Se estudió ese gas y dio que era un gas termogénico. O sea, el gas puede ser biogénico o termogénico. El biogénico es producto de la descomposición material, mientras que el termogénico es el que se produce precisamente por la deposición de la materia orgánica, a mayor profundidad y altas temperatura y presión, en un proceso muy largo que origina desde un petróleo pesado hasta gas, que es la última fase de la conversión. Entonces, ese gas dio que estaba perfecto, no era tóxico y especialistas de CUPET establecieron un sistema de distribución que sustituyó a la red artesanal creada por los vecinos.
Ya hay 18 casas que están consumiendo el gas y la región como tal tiene 78.
Una cosa importantísima es que cuando analizamos algunos salideros como tal de hidrocarburo líquido, analizamos unos compuestos llamados diamantoides».
¿Cuál es la importancia de esos compuestos?
«Señalo que no son diamantes, sino que su estructura química es muy similar a la del diamante. Es la primera vez que encontramos eso en nuestro país.
¿Qué significa que aparezcan esos diamantoides en las muestras? Que es una muestra muy madura. O sea, térmicamente el hidrocarburo que está asociado a ese gas que emana en Jobo Arriba es un hidrocarburo ligero.
Pero el lugar es de difícil acceso.
Si nosotros logramos encontrar eso en otra parte del país, sería muy conveniente.
Por ejemplo, ya se visitó el área de Motembo, Corralillo, en Villa Clara.
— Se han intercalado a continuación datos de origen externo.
Theorem mainTheorem2 (k : fieldType) (char_ne2 : (2%:R : k) != 0)
    (C : ribbonData k) (HC : ribbonAxioms C)
    (A F : Obj C) (mu : Mor (tens A A) A) (eta : Mor tunit A)
    (delta : Mor A (tens A A)) (eps : Mor A tunit)
    (Hfrob : frobenius_algebra mu eta delta eps)
    (Hcomm : commutative_alg mu)
    (Hspec : special_frob mu eta delta eps)
    (i1 : Mor tunit A) (p1 : Mor A tunit) (i2 : Mor F A) (p2 : Mor A F)
    (Hsum : is_biproduct i1 p1 i2 p2)
    (HF0 : ~ is_zero_obj F)
    (HthF : twist F = - idm F) :
  isomorphic (tens F F) tunit.
Proof.
have [[c [c_neq0 eps_eta]] _] := Hspec.
exact (odd_square_iso_unit HC char_ne2 Hfrob Hcomm c_neq0 eps_eta Hsum HthF HF0).
Qed.
(* Let $(M,d)$ be a compact metric space and $\varphi:M\to M$ continuous, and assume either (C) there is a homeomorphism $\theta$ of $M$ with $\theta\circ\theta=\mathrm{Id}_M$ and $\varphi=\theta\circ\varphi\circ\theta$ (set $\theta_n=\theta$), or (R) $\varphi$ is a homeomorphism and there is a homeomorphism $\theta$ with $\theta\circ\theta=\mathrm{Id}_M$ and $\varphi^{-1}=\theta\circ\varphi\circ\theta$ (set $\theta_n=\theta\circ\varphi^{n-1}$). Then $h_\varphi(\mathbb Q\circ\theta)=h_\varphi(\mathbb Q)$ for every $\mathbb Q\in\mathcal P_\varphi(M)$, and $\mathfrak p_\varphi(\mathcal G\circ\theta)=\mathfrak p_\varphi(\mathcal G)$ for every $\mathcal G\in\mathcal A(M)$, where $\mathcal G\circ\theta=\{G_n\circ\theta_n\}$.
   Context: $\mathcal P_\varphi(M)$: $\varphi$-invariant Borel probability measures ($\mathbb Q\circ\theta$ is again invariant); $h_\varphi$: Kolmogorov–Sinai entropy. $C(M),B(M)$ continuous/bounded Borel real functions, sup norm; $S_nG=\sum_{k<n}G\circ\varphi^k$; $\mathcal A(M)$: sequences $\{G_n\}\subset B(M)$ with some $\{G^{(k)}\}\subset C(M)$ such that $\lim_k\limsup_nn^{-1}\|G_n-S_nG^{(k)}\|_\infty=0$. $B_n(x,\epsilon)=\{y:d(\varphi^ky,\varphi^kx)<\epsilon,0\le k<n\}$. Topological pressure: $\mathfrak p_\varphi(\mathcal G)=\lim_{\epsilon\downarrow0}\limsup_nn^{-1}\log\inf\{\sum_{x\in E}e^{G_n(x)}:E\text{ finite},\bigcup_{x\in E}B_n(x,\epsilon)=M\}\in(-\infty,+\infty]$. *)

From HB Require Import structures.
From mathcomp Require Import all_boot all_order all_algebra.
From mathcomp Require Import all_classical all_reals all_analysis.
Set Implicit Arguments. Unset Strict Implicit. Unset Printing Implicit Defensive.
Import Order.TTheory GRing.Theory Num.Theory.
Import numFieldNormedType.Exports.
Local Open Scope classical_set_scope.
Local Open Scope ring_scope.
Quedan pendientes partes en Anton Díaz, también en esa provincia, y en Martín Mesa, Pinar del Río.
Son áreas donde se conoce la existencia de esto mismo que estamos viendo acá en el oriente del país, manifestaciones superficiales de gas que las personas utilizan.
En Anton Díaz lo usan en viviendas, el consultorio de médicos de la familia y una escuela.
Y se quiere hacer un estudio, un barrido de lo que es Cuba, con la posibilidad de que parte de la población se beneficie, al menos mientras no se pueda realizar un estudio más amplio desde el punto de vista geológico de la región, para tratar de utilizar ese gas de forma comercial como tal».
¿Se pudiera localmente generar electricidad con ese gas?
:Sí, sí se puede. O sea, una de las cosas que se pretende hacer más adelante con el gas es a partir de reactores poder hacer colección del gas y poder tratar de generar energía a través de él, por lo menos en las áreas implicadas».
¿Qué se siente con el reconocimiento que le ha dado la FMC?
«Para una mujer, 23 de agosto, Vilma Espín, es una cosa que a uno le toca, ¿no? Yo particularmente en mi área de vivienda, aunque no tengo mucho tiempo, soy la responsable de asuntos sociales en mi bloque de la FMC.
Y atendemos a las jubiladas y jubilados. Se ha logrado inclusive que nuestras jubiladas cobren en una vivienda para que no tengan que hacer las colas de los bancos y eso en el Consejo Popular Santos Suárez, circunscripción 73, ahí vivo.